Because the record clearly shows that Petitioner was aware of his maximum sentencing exposure – life imprisonment – and that this discussion with the trial court occurred prior to the expiration of the State’s final plea offer of 20 years’ imprisonment, (see ECF No. 7-50 at 3-4), he cannot show that he was prejudiced by counsel’s alleged failure to repeat to him this same information. Petitioner cannot show prejudice, and thus fails to establish ineffective assistance of counsel. In his final claim, Petitioner claims that, even if each of his assertions of error do not individually warrant habeas relief, they cumulatively serve as a basis for relief. The PCR trial court rejected this claim, finding that Petitioner’s claims of error cumulatively failed to provide a basis for relief in light of the overwhelming evidence of Petitioner’s guilt. Having reviewed
Petitioner’s claims, this Court finds that they fare no better in the aggregate than they do individually. Petitioner has utterly failed to show that he was prejudiced by any of counsel’s alleged errors or by the trial court’s evidentiary rulings in light of the clear and overwhelming evidence of his guilt produced at trial, and has failed to show that the trial court erred in its rulings as to his request for self-representation. Thus, Petitioner fails to show cumulative error sufficient
to warrant habeas relief, and his cumulative error claim is without merit and provides no basis for habeas relief. See, e.g., Albrecht v. Horn, 485 F.3d 103, 139 (3d Cir. 2007) (cumulative error analysis merely aggregates claims together will only warrant relief where the claims together were not harmless and caused actual prejudice), cert. denied, 552 U.S. 1108 (2008). Because, all of Petitioner’s claims shall be denied, Petitioner’s habeas petition is denied in its entirety. Likewise, because all of Petitioner’s claims are without merit, his motion seeking a stay (ECF No. 10) must also be denied as any unexhausted claims contained in his current habeas petition are without merit and therefore cannot serve as the basis for a stay. See Rhines v. Weber, 544 U.S. 269, 274-78 (2005).

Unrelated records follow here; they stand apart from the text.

Lemma root_rpath x : root T \in rpath x.
Proof. by rewrite head_rpath mem_head. Qed.

Lemma mem_rpath_parent x y :
  (x \in rpath y) = (x == y) || (y != root T) && (x \in rpath (parent y)).
Proof.
case: (eqVneq y (root T)) => [->|ny]; first by rewrite rpath_root inE orbF.
by rewrite rpath_parent // mem_rcons inE.
Qed.

Lemma parent_rpath x : parent x \in rpath x.
Proof.
case: (eqVneq x (root T)) => [->|nx]; first by rewrite parent_root root_rpath.
by rewrite rpath_parent // mem_rcons inE mem_rpath orbT.
Qed.

Lemma depth_parent x : x != root T -> depth x = (depth (parent x)).+1.
Proof. by move=> nx; rewrite /depth rpath_parent // size_rcons head_rpath. Qed.

Lemma depth_root : depth (root T) = 0.
Proof. by rewrite /depth rpath_root. Qed.

Lemma depth_eq0 x : (depth x == 0) = (x == root T).
Proof.
case: (eqVneq x (root T)) => [->|nx]; first by rewrite depth_root.
by rewrite depth_parent.
Qed.

Lemma parent_ind (P : T -> Prop) :
  P (root T) -> (forall x, x != root T -> P (parent x) -> P x) -> forall x, P x.
Proof.
move=> P0 PS x; move: {2}(depth x) (erefl (depth x)) => n.
elim: n x => [|n IH] x dx; first by move/eqP: dx; rewrite depth_eq0 => /eqP->.
have nx : x != root T by rewrite -depth_eq0 dx.
by apply: (PS _ nx); apply: IH; move: dx; rewrite (depth_parent nx) => -[].
Qed.

Lemma depth_rpath x y : x \in rpath y -> depth x <= depth y ?= iff (x == y).
Proof.
elim/parent_ind: y => [|y ny IH]; first by rewrite rpath_root inE => /eqP->; apply/leqif_refl.
rewrite mem_rpath_parent ny /=; case: (eqVneq x y) => [->|nxy] /=; first by apply/leqif_refl.
move=> /IH[le _]; have lt : depth x < depth y by rewrite (depth_parent ny) ltnS.
by split; [exact: ltnW | rewrite ltn_eqF].
Qed.

Lemma rpath_depth_eq x y : x \in rpath y -> depth x = depth y -> x = y.
Proof. by move=> /depth_rpath[_ E] D; apply/eqP; rewrite -E D. Qed.

Lemma parent_neq x : x != root T -> parent x != x.
Proof.
move=> nx; apply: contraTneq (rpath_uniq x) => E.
by rewrite rpath_parent // rcons_uniq -{1}E mem_rpath.
Qed.

Lemma adj_parent x : adj x (parent x).
Proof.
case: (eqVneq x (root T)) => [->|nx]; first by rewrite parent_root adj_refl.
case/and4P: (rpathP x) => _ + _ _; rewrite rpath_parent // head_rpath /=.
by rewrite rcons_path last_rpath adj_sym => /andP[].
Qed.

Lemma rpath_antisym x y : x \in rpath y -> y \in rpath x -> x = y.
Proof.
move=> xy yx; apply: (rpath_depth_eq xy).
by apply/eqP; rewrite eqn_leq (depth_rpath xy) (depth_rpath yx).
Qed.

Lemma gpathb_rcons r x y s : gpathb r x s -> adj x y -> y \notin s -> gpathb r y (rcons s y).
Proof.
case/and4P=> /eqP Es pa /eqP lx ux a ys; rewrite Es in ys ux *.
by rewrite /gpathb rcons_path lx pa a last_rcons -rcons_cons rcons_uniq ys ux !eqxx.
Qed.

Lemma parent_of_adj x y : adj x y -> y \notin rpath x -> parent y = x.
Proof.
move=> a yx; have ny : y != root T by apply: contraNneq yx => ->; exact: root_rpath.
have /rpathE := gpathb_rcons (rpathP x) a yx.
by rewrite rpath_parent // => /eqP; rewrite eqseq_rcons eqxx andbT => /eqP /rpath_inj.
Qed.

Lemma adj_parentP x y : adj x y -> [\/ x = y, parent x = y | parent y = x].
Proof.
move=> a; case: (eqVneq x y) => [|nxy]; first by constructor 1.
case: (boolP (y \in rpath x)) => yx; last by constructor 3; apply: parent_of_adj.
have xy : x \notin rpath y by apply: contra_neqN nxy => xy; exact: rpath_antisym.
by constructor 2; apply: parent_of_adj; rewrite // adj_sym.
Qed.

Lemma adjE x y : adj x y = [|| x == y, parent x == y | parent y == x].
Proof.
apply/idP/idP; first by case/adj_parentP => ->; rewrite eqxx ?orbT.
by case/or3P => /eqP <-; rewrite ?adj_refl ?adj_parent // adj_sym adj_parent.
Qed.

Lemma tleE x y : tle x y <-> x \in rpath y.
Proof.
split=> [[s [/gpathbP/rpathE-> //]]|xy].
by exists (rpath y); split=> //; apply/gpathbP/rpathP.
Qed.

Lemma subtree_self x : x \in subtree x.
Proof. by rewrite inE mem_rpath. Qed.

Lemma subtree_root x : x \in subtree (root T).
Proof. by rewrite inE root_rpath. Qed.

Lemma subtree_parent x y : y \in subtree x -> y != x -> y != root T /\ parent y \in subtree x.
Proof. by rewrite !inE mem_rpath_parent => /orP[/eqP->|/andP[]]; rewrite ?eqxx. Qed.

Lemma subtree_child x y : y != root T -> parent y \in subtree x -> y \in subtree x.
Proof. by move=> ny; rewrite !inE (mem_rpath_parent x y) ny orbC => ->. Qed.

Lemma subtree_nonroot x y : x != root T -> y \in subtree x -> y != root T.
Proof. by move=> nx; rewrite inE; apply: contraTneq => ->; rewrite rpath_root inE. Qed.

Lemma subtree_depth_eq x y : y \in subtree x -> depth y = depth x -> y = x.
Proof. by rewrite inE => xy /esym /(rpath_depth_eq xy). Qed.

Lemma parent_notin_subtree x : x != root T -> parent x \notin subtree x.
Proof.
by move=> nx; rewrite inE; apply/negP => /depth_rpath[]; rewrite (depth_parent nx) ltnn.
Qed.

Lemma root_subtreeC x : x != root T -> root T \in ~: subtree x.
Proof. by move=> nx; rewrite in_setC; apply/negP => /(subtree_nonroot nx); rewrite eqxx. Qed.

Lemma subtreeC_parent x y : y \in ~: subtree x -> parent y \in ~: subtree x.
Proof.
rewrite !in_setC; apply: contra => py; have [yr|ny] := eqVneq y (root T); last exact: subtree_child.
by move: py; rewrite yr parent_root.
Qed.

Lemma rpath_depth_inj w a b : a \in rpath w -> b \in rpath w -> depth a = depth b -> a = b.
Proof.
elim/parent_ind: w => [|w nw IH]; first by rewrite rpath_root !inE => /eqP-> /eqP->.
rewrite !(mem_rpath_parent _ w) nw /=.
case/orP=> [/eqP->|aw] /orP[/eqP->|bw] // D; last exact: IH.
- by have /depth_rpath[] := bw; rewrite -D (depth_parent nw) ltnn.
- by have /depth_rpath[] := aw; rewrite D (depth_parent nw) ltnn.
Qed.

IV. CERTIFICATE OF APPEALABILITY Pursuant to 28 U.S.C. § 2253(c), a petitioner may not appeal from a final order in a habeas proceeding where that petitioner’s detention arises out of his state court conviction unless he has “made a substantial showing of the denial of a constitutional right.” “[A petitioner] satisfies this standard by demonstrating that jurists of reason could disagree with the district court’s resolution of his constitutional claims or that jurists could conclude [that] the issues presented here are adequate to deserve encouragement to proceed further.” Miller-El v. Cockrell, 537 U.S. 322, 327 (2003). Because Petitioner’s habeas claims are without merit for the reasons set forth above, he has failed to make a substantial showing of a denial of a constitutional right, and his petition is not adequate to receive encouragement to proceed further. This Court therefore denies Petitioner a certificate of appealability.
V. CONCLUSION In conclusion, Petitioner’s habeas petition (ECF No. 1) is DENIED, Petitioner is DENIED a certificate of appealability, and Petitioner’s motion seeking a stay (ECF No. 10) is DENIED. An order consistent with this opinion shall be entered.